In the face of the pacing challenge from China and threats from Russia, Iran, North Korea and extremist groups, the Defense Department must transition from experimentation and prototyping to fielding capabilities much more quickly, Deputy Defense Secretary Kathleen H. Hicks said.
Hicks provided virtual keynote remarks Aug. 31 for the Defense Advanced Research Projects Agency's "Forward Conference: Advancing the Horizons of National Security," held at Colorado State University in Fort Collins, Colorado.
"Today, we have to evolve faster than the threats evolve, which means our capabilities must be designed and built to be flexible, adaptable and interoperable from the beginning. We must keep building and growing our enduring advantage," she said.
"Simply put, we don't have decades to wait for the latest and greatest concepts and capabilities to proliferate across our military forces. We have to shrink that 'lab-to-fab' timeline from decades to years, or even months — which means we've got to be thinking early and often about what happens after DARPA approves a concept and prototypes a capability," Hicks said, meaning to shorten the timeline between laboratory experiments to fabrication and fielding.
For example, when DARPA initiated the project that led to the first experimental stealth aircraft, Have Blue, to when DOD fielded an operational F-117 Nighthawk, that took nearly a decade, she said.

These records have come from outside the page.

Lemma canonF_perm (f g : forest) : perm_eq f g -> canonF f = canonF g.
Proof.
move=> pfg; rewrite /canonF; apply/perm_sortP; last exact: perm_map.
- by move=> x y; exact: leq_total.
- by move=> y x z; exact: leq_trans.
- by move=> x y /anti_leq /(pcan_inj pickleK).
Qed.

End HEquality.

Section Congruence.
Variable K : fieldType.
Variable M : hck K -> Prop.
Hypothesis idealM : is_hck_ideal M.
Implicit Types h g k : hck K.

Definition cong h g := M (hadd h (hopp g)).

Lemma M_heq h g : M h -> heq h g -> M g.
Proof. by case: idealM => H _ _ _ _; apply: H. Qed.

Lemma M_zero : M (hzero K).
Proof. by case: idealM. Qed.

Lemma M_add h g : M h -> M g -> M (hadd h g).
Proof. by case: idealM => _ _ H _ _; apply: H. Qed.

Lemma M_opp h : M h -> M (hopp h).
Proof. by case: idealM => _ _ _ H _; apply: H. Qed.

Lemma M_mul g h : M h -> M (hmul g h).
Proof. by case: idealM => _ _ _ _ H; apply: H. Qed.

Lemma cong_heql h h' g : heq h h' -> cong h g -> cong h' g.
Proof. by move=> hh' C; apply: (M_heq C) => f; rewrite !hcoef_add !hcoef_opp hh'. Qed.

Lemma cong_refl h : cong h h.
Proof. by apply: (M_heq M_zero) => f; rewrite hcoef_add hcoef_opp hcoef_zero subrr. Qed.

Lemma cong_trans h g k : cong h g -> cong g k -> cong h k.
Proof.
move=> C1 C2; apply: (M_heq (M_add C1 C2)) => f.
by rewrite !hcoef_add !hcoef_opp addrA subrK.
Qed.

Lemma cong_add h g h' g' : cong h g -> cong h' g' -> cong (hadd h h') (hadd g g').
Proof.
move=> C1 C2; apply: (M_heq (M_add C1 C2)) => f.
by rewrite !hcoef_add !hcoef_opp !hcoef_add opprD addrACA.
Qed.

Lemma cong_mul k h g : cong h g -> cong (hmul k h) (hmul k g).
Proof.
move=> C; apply: (M_heq (M_mul k C)) => f.
rewrite hcoef_add hcoef_opp !hcoef_mul -sumrN -big_split /=.
apply: eq_bigr => p _; rewrite /hadd /hopp big_cat big_map -sumrN /=; congr (_ + _).
by apply: eq_bigr => q _; case: ifP; rewrite ?mulrN ?oppr0.
Qed.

It took another decade for stealth technology to be incorporated into an operational B-2 bomber — and another decade or two after that for stealth to be mainstreamed across much of DOD's combat aircraft fleet, in the form of the F-22 and the F-35 stealth fighters.
"Perhaps that timeline was tolerable in the Cold War, when our main strategic competitor was relatively lumbering and slow," but not in today's fast-paced technologically changing world, she said.
Besides speed, greater collaboration, thinking and acting across sectors and across borders in close coordination with allies and partners will be even more important, because there is so much great innovation happening, whether it's in the commercial sector or in the science and technology ecosystem, she said.
"As a nation, and together with those allies and partners, we have what it takes. And any other country that might doubt our ability, our ingenuity, our commitment and resolve, should think again," she said.